Consider the following key points for load testing:

  • Know the Azure service limits: Different Azure services have soft and hard limits associated with them. The terms soft limit and hard limit describe the current, adjustable service limit (soft limit) and the maximum limit (hard limit). Understand the limits for the services you consume so that you aren't blocked if you need to exceed them. For a list of the most common Azure limits, see Azure subscription and service limits, quotas, and constraints.

    The ResourceLimits sample shows how to query the limits and quotas for commonly used resources.

  • Measure typical loads: Knowing the typical and maximum loads on your system helps you understand when something is operating outside of its designed limits. Monitor traffic to understand application behavior.

  • Understand application behavior under various scales: Load test your application to understand how it performs at various scales. First, test to see how the application performs under a typical load. Then, test to see how it performs under load using different scaling operations. To get more insight into how to evaluate your application as the amount of traffic sent to it increases, see Autoscale best practices.

Stress testing

Unlike load testing, which ensures that a system can handle what it's designed to handle, stress testing focuses on overloading the system until it breaks. A stress test determines how stable a system is and its ability to withstand extreme increases in load. For example, it can test the maximum number of requests from another service that a system can handle at a given time before performance is compromised and fails.

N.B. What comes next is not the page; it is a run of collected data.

Lemma tsubst_pat_tm_lookup k m p s : (forall i, In i (pvars p) -> i < k) ->
  tsubst (sconsl (map (fun i => tree_tm (lookup i m)) (seq 0 k)) s) (pat_tm p) =
  tree_tm (pinst m p).
Proof.
  induction p; simpl; intros H; tsimp; auto.
  - rewrite IHp1, IHp2; auto; intros; apply H, in_or_app; auto.
  - assert (Hi : i < k) by (apply H; auto).
    rewrite sconsl_nth by now rewrite length_map, length_seq.
    rewrite nth_indep with (d' := tree_tm (lookup 0 m)) by now rewrite length_map, length_seq.
    rewrite map_nth with (d := 0). now rewrite seq_nth.
Qed.

Lemma prv_step_fm_intro G rs c c' : good_rules rs -> step rs c = Some c' ->
  pr G (step_fm rs (tree_tm c) (tree_tm c')).
Proof.
  intros [Hno Hwf] Hs. destruct (step_Some _ _ _ Hs) as [r [m [Hr [E ->]]]].
  rewrite forallb_forall in Hwf. destruct (wf_rule_spec r (Hwf r Hr)) as [Hnd [Hv Hsub]].
  eapply prv_DisjI; [apply in_map_iff; exists r; split; eauto|].
  unfold rule_fm. rewrite <- fsubst_id.
  apply prv_exnI with (ws := map (fun i => tree_tm (lookup i m)) (seq 0 (arity r))).
  { now rewrite length_map, length_seq. }
  simpl. rewrite !tsubst_pat_tm_lookup; auto. unfold liftn; rewrite !tsubst_comp, !tsubst_tree_tm.
  rewrite (pinst_pmatch _ _ _ E Hnd). apply prv_andI; apply P_refl.
Qed.

Lemma prv_step_fm_congr G rs b b' a a' : forallb wf_rule rs = true ->
  pr G (feq b' b) -> pr G (feq a' a) -> pr G (step_fm rs b' a') -> pr G (step_fm rs b a).
Proof.
  intros Hw Hb Ha H.
  assert (X1 := P_leib _ G (step_fm rs (tvar 0) (tsubst sh a')) _ _ Hb).
  rewrite !fsubst_step_fm in X1 by auto. tsimp_in X1.
  assert (X2 := P_leib _ G (step_fm rs (tsubst sh b) (tvar 0)) _ _ Ha).
  rewrite !fsubst_step_fm in X2 by auto. tsimp_in X2. auto.
Qed.

(* In [X = ((u |- a) |- b) o w] the entry [b] is stored after [a], so it is the earlier
   configuration of the run. *)
Definition valid_fm (rs : list rule) (X : tm) : fm :=
  fall (fall (fall (fall
    (fimp (feq (liftn 4 X) (tconc (tcons (tcons (tvar 3) (tvar 2)) (tvar 1)) (tvar 0)))
          (step_fm rs (tvar 1) (tvar 2)))))).

Definition first_fm (H : tree) (X : tm) : fm :=
  fall (fall (fimp (feq (liftn 2 X) (tconc (tcons te (tvar 1)) (tvar 0)))
                   (feq (tvar 1) (tree_tm H)))).

Definition reaches_fm (rs : list rule) (H : tree) (I : tm) : fm :=
  fex (fand (valid_fm rs (tcons (tvar 0) (liftn 1 I))) (first_fm H (tcons (tvar 0) (liftn 1 I)))).

Lemma fsubst_valid_fm s rs X : forallb wf_rule rs = true ->
  fsubst s (valid_fm rs X) = valid_fm rs (tsubst s X).
Proof.
  intro Hw. unfold valid_fm. change (fsubst s (fall (fall (fall (fall ?p)))))
    with (fall (fall (fall (fall (fsubst (upn 4 s) p))))).
  cbn [fsubst]. rewrite fsubst_step_fm by auto.
  rewrite !tsubst_tconc, !tsubst_tcons, upn_liftn; cbn [tsubst]; now rewrite !upn_lt by lia.
Qed.

Lemma fsubst_first_fm s H X : fsubst s (first_fm H X) = first_fm H (tsubst s X).
Proof.
  unfold first_fm. change (fsubst s (fall (fall ?p))) with (fall (fall (fsubst (upn 2 s) p))).
  cbn [fsubst]. rewrite !tsubst_tconc, !tsubst_tcons, tsubst_te, upn_liftn, tsubst_tree_tm.
  cbn [tsubst]; now rewrite !upn_lt by lia.
Qed.

Lemma fsubst_reaches_fm s rs H I : forallb wf_rule rs = true ->
  fsubst s (reaches_fm rs H I) = reaches_fm rs H (tsubst s I).
Proof.
  intro Hw. unfold reaches_fm.
  change (fsubst s (fex (fand ?p ?q))) with (fex (fand (fsubst (upn 1 s) p) (fsubst (upn 1 s) q))).
  rewrite fsubst_valid_fm, fsubst_first_fm, tsubst_tcons, upn_liftn by auto.
  cbn [tsubst]; now rewrite upn_lt by lia.
Qed.

Lemma prv_valid_fm_at G rs X u a b w : forallb wf_rule rs = true -> pr G (valid_fm rs X) ->
  pr G (fimp (feq X (tconc (tcons (tcons u a) b) w)) (step_fm rs b a)).
Proof.
  intros Hw H. rewrite <- fsubst_id in H. unfold valid_fm in H.
  apply (prv_allE_at _ _ _ u), (prv_allE_at _ _ _ a), (prv_allE_at _ _ _ b),
    (prv_allE_at _ _ _ w) in H.
  simpl in H. rewrite !tsubst_scons_liftn, liftn_0, tsubst_id, fsubst_step_fm in H by auto.
  now tsimp_in H.
Qed.

Lemma prv_first_fm_at G H X h w : pr G (first_fm H X) ->
  pr G (fimp (feq X (tconc (tcons te h) w)) (feq h (tree_tm H))).
Proof.
  intros Hb. rewrite <- fsubst_id in Hb. unfold first_fm in Hb.
  apply (prv_allE_at _ _ _ h), (prv_allE_at _ _ _ w) in Hb.
  simpl in Hb. rewrite !tsubst_scons_liftn, liftn_0, tsubst_id in Hb. now tsimp_in Hb.
Qed.

Lemma prv_tree_tm_neq G c c' : seq_ctx G -> c <> c' ->
  pr G (feq (tree_tm c) (tree_tm c')) -> pr G fbot.
Proof.
  intro HG; revert c'; induction c as [|a IHa b IHb]; intros [|a' b'] Hne H; simpl in *.
  - congruence.
  - eapply prv_cons_neq_e; eauto using prv_eq_sym.
  - eapply prv_cons_neq_e; eauto.
  - apply prv_cons_inj in H as [H1 H2]; auto.
    destruct (tree_eq_dec a a'); [subst; apply (IHb b'); congruence | eauto].
Qed.

Lemma prv_valid_fm_run G rs l : seq_ctx G -> good_rules rs -> run rs l ->
  pr G (valid_fm rs (trace_tm l)).
Proof.
  intros HG [Hno Hwf] Hrun. unfold valid_fm. apply P_allI, P_allI, P_allI, P_allI, P_impI.
  unfold liftn; rewrite tsubst_trace_tm.
  eapply prv_conc_trace_inv with (l := l) (w := tvar 0); [| apply prv_eq_sym, prv_hd |].
  { apply seq_ctx_cons; repeat apply seq_ctx_map; auto. }
  intros pre l' E Hne. set (G' := _ :: _ :: _).
  assert (HG' : seq_ctx G') by (apply seq_ctx_cons, seq_ctx_cons; repeat apply seq_ctx_map; auto).
  assert (X : pr G' (feq (tcons (tcons (tvar 3) (tvar 2)) (tvar 1)) (trace_tm l'))) by apply prv_hd.
  destruct l' as [|c [|c' rest]]; [congruence| |]; unfold trace_tm in X; simpl in X.
  - apply prv_cons_inj in X as [X _]; auto. apply prv_exfalso; eapply prv_cons_neq_e; eauto.
  - apply prv_cons_inj in X as [X Hb]; auto. apply prv_cons_inj in X as [_ Ha]; auto.
    eapply prv_step_fm_congr; eauto using prv_eq_sym.
    apply prv_step_fm_intro; [now split|]. eapply run_step; eauto.
Qed.
(* Let $$\begin{array}{ccc} X\times_B Y & \xrightarrow{\pi_2} & Y\\ \downarrow{\scriptstyle\pi_1} & & \downarrow{\scriptstyle p}\\ X & \xrightarrow{q} & B\end{array}$$ be a pullback diagram in the category $\mathbf{Loc}$ of locales, where $\pi_1$ is an isomorphism, $\pi_2$ is an open surjection and $q$ is a coequalizer. Then $p$ is an isomorphism.
   Context: A map of locales is open if its inverse image frame homomorphism has a left adjoint satisfying the Frobenius condition; it is surjective if its inverse image is injective. *)

Record Frame := {
  carrier :> Type;
  fle : carrier -> carrier -> Prop;
  fle_refl : forall a, fle a a;
  fle_trans : forall a b c, fle a b -> fle b c -> fle a c;
  fle_antisym : forall a b, fle a b -> fle b a -> a = b;
  ftop : carrier;
  ftop_max : forall a, fle a ftop;
  fmeet : carrier -> carrier -> carrier;
  fmeet_glb : forall a b c, fle c (fmeet a b) <-> (fle c a /\ fle c b);
  fjoin : (carrier -> Prop) -> carrier;
  fjoin_ub : forall (P : carrier -> Prop) a, P a -> fle a (fjoin P);
  fjoin_least : forall (P : carrier -> Prop) b,
      (forall a, P a -> fle a b) -> fle (fjoin P) b;
  fdistr : forall (a : carrier) (P : carrier -> Prop),
      fmeet a (fjoin P) = fjoin (fun y => exists x, P x /\ y = fmeet a x)
}.

Arguments fle {f} _ _.
Arguments ftop {f}.
Arguments fmeet {f} _ _.
Arguments fjoin {f} _.

Definition pimage {A B : Type} (f : A -> B) (P : A -> Prop) : B -> Prop :=
  fun y => exists x, P x /\ y = f x.

Record FrameHom (A B : Frame) := {
  hfun :> A -> B;
  hom_top : hfun ftop = ftop;
  hom_meet : forall a b, hfun (fmeet a b) = fmeet (hfun a) (hfun b);
  hom_join : forall P : A -> Prop, hfun (fjoin P) = fjoin (pimage hfun P)
}.

Arguments hfun {A B} _ _.

Lemma fjoin_ext (F : Frame) (P Q : F -> Prop) :
  (forall x, P x <-> Q x) -> fjoin P = fjoin Q.
Proof.
  intros H; apply fle_antisym; apply fjoin_least; intros a Ha;
  apply fjoin_ub; apply H; exact Ha.
Qed.

Definition hcomp_fun {A B C : Frame} (g : FrameHom B C) (f : FrameHom A B)
  : A -> C := fun a => g (f a).

Lemma hcomp_top {A B C : Frame} (g : FrameHom B C) (f : FrameHom A B) :
  hcomp_fun g f ftop = ftop.
Proof. unfold hcomp_fun; rewrite hom_top, hom_top; reflexivity. Qed.

Lemma hcomp_meet {A B C : Frame} (g : FrameHom B C) (f : FrameHom A B) a b :
  hcomp_fun g f (fmeet a b) = fmeet (hcomp_fun g f a) (hcomp_fun g f b).
Proof. unfold hcomp_fun; rewrite hom_meet, hom_meet; reflexivity. Qed.

Lemma hcomp_join {A B C : Frame} (g : FrameHom B C) (f : FrameHom A B) P :
  hcomp_fun g f (fjoin P) = fjoin (pimage (hcomp_fun g f) P).
Proof.
  unfold hcomp_fun; rewrite hom_join, hom_join; apply fjoin_ext.
  intros z; unfold pimage; split.
  - intros [y [[x [Hx ->]] ->]]; exists x; split; auto.
  - intros [x [Hx ->]]; exists (f x); split; auto; exists x; auto.
Qed.

Definition hcomp {A B C : Frame} (g : FrameHom B C) (f : FrameHom A B)
  : FrameHom A C :=
  {| hfun := hcomp_fun g f; hom_top := hcomp_top g f;
     hom_meet := hcomp_meet g f; hom_join := hcomp_join g f |}.

Lemma hid_join (A : Frame) (P : A -> Prop) :
  (fun a : A => a) (fjoin P) = fjoin (pimage (fun a : A => a) P).
Proof.
  apply fjoin_ext; intros x; unfold pimage; split.
  - intros Hx; exists x; auto.
  - intros [y [Hy ->]]; exact Hy.
Qed.

Definition hid (A : Frame) : FrameHom A A :=
  {| hfun := fun a => a; hom_top := eq_refl;
     hom_meet := fun _ _ => eq_refl; hom_join := hid_join A |}.

(** * The category Loc = Frm^op.
    A locale is represented by its frame of opens; a locale map
    f : X -> Y is a frame homomorphism f^* : O(Y) -> O(X). *)
Definition Locale := Frame.
Definition LocMap (X Y : Locale) := FrameHom Y X.

Definition inv_img {X Y : Locale} (f : LocMap X Y) : Y -> X := hfun f.

Definition lcomp {X Y Z : Locale} (g : LocMap Y Z) (f : LocMap X Y)
  : LocMap X Z := hcomp f g.

Definition lid (X : Locale) : LocMap X X := hid X.

Definition leq_map {X Y : Locale} (f g : LocMap X Y) : Prop :=
  forall b : Y, inv_img f b = inv_img g b.

Definition loc_iso {X Y : Locale} (f : LocMap X Y) : Prop :=
  exists g : LocMap Y X,
    leq_map (lcomp g f) (lid X) /\ leq_map (lcomp f g) (lid Y).

Definition loc_open {X Y : Locale} (f : LocMap X Y) : Prop :=
  exists l : X -> Y,
    (forall (a : X) (b : Y), fle (l a) b <-> fle a (inv_img f b)) /\
    (forall (a : X) (b : Y), l (fmeet a (inv_img f b)) = fmeet (l a) b).

Definition loc_surj {X Y : Locale} (f : LocMap X Y) : Prop :=
  forall b b' : Y, inv_img f b = inv_img f b' -> b = b'.

Definition is_pullback {P X Y B : Locale}
  (pi1 : LocMap P X) (pi2 : LocMap P Y) (q : LocMap X B) (p : LocMap Y B)
  : Prop :=
  leq_map (lcomp q pi1) (lcomp p pi2) /\
  forall (Z : Locale) (f : LocMap Z X) (g : LocMap Z Y),
    leq_map (lcomp q f) (lcomp p g) ->
    exists h : LocMap Z P,
      leq_map (lcomp pi1 h) f /\ leq_map (lcomp pi2 h) g /\
      forall h' : LocMap Z P,
        leq_map (lcomp pi1 h') f -> leq_map (lcomp pi2 h') g ->
        leq_map h' h.

Definition is_coequalizer {X B : Locale} (q : LocMap X B) : Prop :=
  exists (W : Locale) (f g : LocMap W X),
    leq_map (lcomp q f) (lcomp q g) /\
    forall (Z : Locale) (h : LocMap X Z),
      leq_map (lcomp h f) (lcomp h g) ->
      exists k : LocMap B Z,
        leq_map (lcomp k q) h /\
        forall k' : LocMap B Z, leq_map (lcomp k' q) h -> leq_map k' k.

From Stdlib Require Import Setoid.

(* Put s := pi2 o pi1^-1 : X -> Y.  Then p o s = q, and universality of the
   pullback shows that s coequalizes every pair that q coequalizes, so
   s = k o q for some k : B -> Y.  From p o k o q = p o s = q we get
   p o k = 1, since coequalizers are epimorphisms; from
   k o p o pi2 = k o q o pi1 = s o pi1 = pi2 we get k o p = 1, since
   surjections (injective inverse images) are epimorphisms. *)

Lemma inv_img_lcomp {X Y Z : Locale} (g : LocMap Y Z) (f : LocMap X Y) (c : Z) :
  inv_img (lcomp g f) c = inv_img f (inv_img g c).
Proof. reflexivity. Qed.

Add Parametric Relation (X Y : Locale) : (LocMap X Y) (@leq_map X Y)
  reflexivity proved by (fun f b => eq_refl)
  symmetry proved by (fun f g H b => eq_sym (H b))
  transitivity proved by (fun f g h H H' b => eq_trans (H b) (H' b))
  as leq_map_rel.

Add Parametric Morphism (X Y Z : Locale) : (@lcomp X Y Z)
  with signature (@leq_map Y Z) ==> (@leq_map X Y) ==> (@leq_map X Z)
  as lcomp_mor.
Proof.
  intros g g' Hg f f' Hf c.
  rewrite !inv_img_lcomp, Hg.
  apply Hf.
Qed.

Lemma lcomp_assoc {W X Y Z : Locale}
  (h : LocMap Y Z) (g : LocMap X Y) (f : LocMap W X) :
  leq_map (lcomp h (lcomp g f)) (lcomp (lcomp h g) f).
Proof. intros d; reflexivity. Qed.

Lemma lcomp_id_l {X Y : Locale} (f : LocMap X Y) : leq_map (lcomp (lid Y) f) f.
Proof. intros b; reflexivity. Qed.

Lemma lcomp_id_r {X Y : Locale} (f : LocMap X Y) : leq_map (lcomp f (lid X)) f.
Proof. intros b; reflexivity. Qed.

Lemma loc_surj_cancel {X Y Z : Locale} {e : LocMap X Y} {f g : LocMap Y Z} :
  loc_surj e -> leq_map (lcomp f e) (lcomp g e) -> leq_map f g.
Proof. intros surj_e H c. apply surj_e, H. Qed.

Definition is_coequalizer_of {W X B : Locale}
  (f g : LocMap W X) (q : LocMap X B) : Prop :=
  leq_map (lcomp q f) (lcomp q g) /\
  forall (Z : Locale) (h : LocMap X Z),
    leq_map (lcomp h f) (lcomp h g) ->
    exists k : LocMap B Z,
      leq_map (lcomp k q) h /\
      forall k' : LocMap B Z, leq_map (lcomp k' q) h -> leq_map k' k.

Section Coequalizer.

Context {W X B : Locale} {f g : LocMap W X} {q : LocMap X B}.
Hypothesis coeq : is_coequalizer_of f g q.

Lemma coequalizer_factor (Z : Locale) (h : LocMap X Z) :
  leq_map (lcomp h f) (lcomp h g) -> exists k : LocMap B Z, leq_map (lcomp k q) h.
Proof.
  intros Hh.
  destruct (proj2 coeq Z h Hh) as [k [Hk _]].
  exists k; exact Hk.
Qed.

Lemma coequalizer_cancel (Z : Locale) (k k' : LocMap B Z) :
  leq_map (lcomp k q) (lcomp k' q) -> leq_map k k'.
Proof.
  intros Hkk'.
  assert (Hcoeq : leq_map (lcomp (lcomp k q) f) (lcomp (lcomp k q) g)).
  { rewrite <- !lcomp_assoc, (proj1 coeq). reflexivity. }
  destruct (proj2 coeq Z (lcomp k q) Hcoeq) as [k0 [_ uniq]].
  transitivity k0.
  - apply uniq; reflexivity.
  - symmetry; apply uniq; symmetry; exact Hkk'.
Qed.

End Coequalizer.

Section PullbackAlongIso.

Context {P X Y B : Locale} {pi1 : LocMap P X} {pi2 : LocMap P Y}
  {q : LocMap X B} {p : LocMap Y B} {j : LocMap X P}.
Hypothesis pb : is_pullback pi1 pi2 q p.
Hypothesis j_pi1 : leq_map (lcomp j pi1) (lid P).
Hypothesis pi1_j : leq_map (lcomp pi1 j) (lid X).

Lemma pullback_iso_factor : leq_map (lcomp p (lcomp pi2 j)) q.
Proof.
  rewrite lcomp_assoc, <- (proj1 pb), <- lcomp_assoc, pi1_j.
  apply lcomp_id_r.
Qed.

Lemma pullback_iso_coequalizes (W : Locale) (f g : LocMap W X) :
  leq_map (lcomp q f) (lcomp q g) ->
  leq_map (lcomp (lcomp pi2 j) f) (lcomp (lcomp pi2 j) g).
Proof.
  intros Hfg.
  assert (Hsq : leq_map (lcomp q f) (lcomp p (lcomp (lcomp pi2 j) g))).
  { rewrite lcomp_assoc, pullback_iso_factor. exact Hfg. }
  destruct (proj2 pb W f (lcomp (lcomp pi2 j) g) Hsq) as [h [pi1_h [pi2_h _]]].
  rewrite <- pi1_h, <- pi2_h, <- !lcomp_assoc, (lcomp_assoc j), j_pi1,
    lcomp_id_l.
  reflexivity.
Qed.

End PullbackAlongIso.

Theorem lemma2p3 (P X Y B : Locale)
  (pi1 : LocMap P X) (pi2 : LocMap P Y) (q : LocMap X B) (p : LocMap Y B) :
  is_pullback pi1 pi2 q p ->
  loc_iso pi1 ->
  loc_open pi2 -> loc_surj pi2 ->
  is_coequalizer q ->
  loc_iso p.
Proof.
  intros pb [j [j_pi1 pi1_j]] _ surj_pi2 [W [f [g coeq]]].
  destruct (coequalizer_factor coeq _ (lcomp pi2 j)) as [k k_q].
  { apply (pullback_iso_coequalizes pb j_pi1 pi1_j), (proj1 coeq). }
  exists k; split.
  - apply (loc_surj_cancel surj_pi2).
    rewrite <- lcomp_assoc, <- (proj1 pb), lcomp_assoc, k_q, <- lcomp_assoc,
      j_pi1, lcomp_id_r, lcomp_id_l.
    reflexivity.
  - apply (coequalizer_cancel coeq).
    rewrite <- lcomp_assoc, k_q, (pullback_iso_factor pb pi1_j), lcomp_id_l.
    reflexivity.
Qed.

Find this maximum to understand what kind of load the current environment can adequately support.

Determine the maximum demand you want to place on memory, CPU, and disk IOPS. After a stress test has been performed, you know the maximum supported load and an operational margin. It's best to choose an operational threshold so that scaling can be performed before the threshold has been reached.

Once you determine an acceptable operational margin and response time under typical loads, verify that the environment is configured adequately. To verify the configuration, make sure the SKUs that you selected are based on the desired margins. Be careful to stay as close as possible to your margins. Allocating too much can increase costs and maintenance unnecessarily. Allocating too few can result in a poor user experience.

In addition to stress testing through increased load, you can stress test by reducing resources to identify what happens when the machine runs out of memory. You can also stress test by increasing latency (for example, the database takes 10 times longer to reply, writes to storage takes 10 times longer, and so on).

Multi-region testing

A multi-region architecture can provide higher availability than deploying to a single region. If a regional outage affects the primary region, you can use Front Door to use the secondary region. This architecture can also help if an individual subsystem of the application fails.

Test the amount of time it would take for users to be rerouted to the paired region so that the region doesn't fail. To learn more about routing, see Front Door routing methods. Typically, a planned test failover can help determine how much time would be required to fully scale to support the redirected load.

Configure the environment based on testing results

Once you have performed testing and found an acceptable operational margin and response under increased levels of load, configure the environment to sustain performance efficiency. Scale out or scale in to handle increases and decreases in load. For example, you might know that you encounter high levels of traffic during the day and low levels on weekends. You can configure the environment to scale out for increases in load or scale in for decreases before the load actually changes.

For more information on autoscaling, see Design for scaling in the Performance Efficiency pillar.

Note

Ensure that a rule has been configured to scale the environment back down once load drops below the set thresholds. This action helps save you money.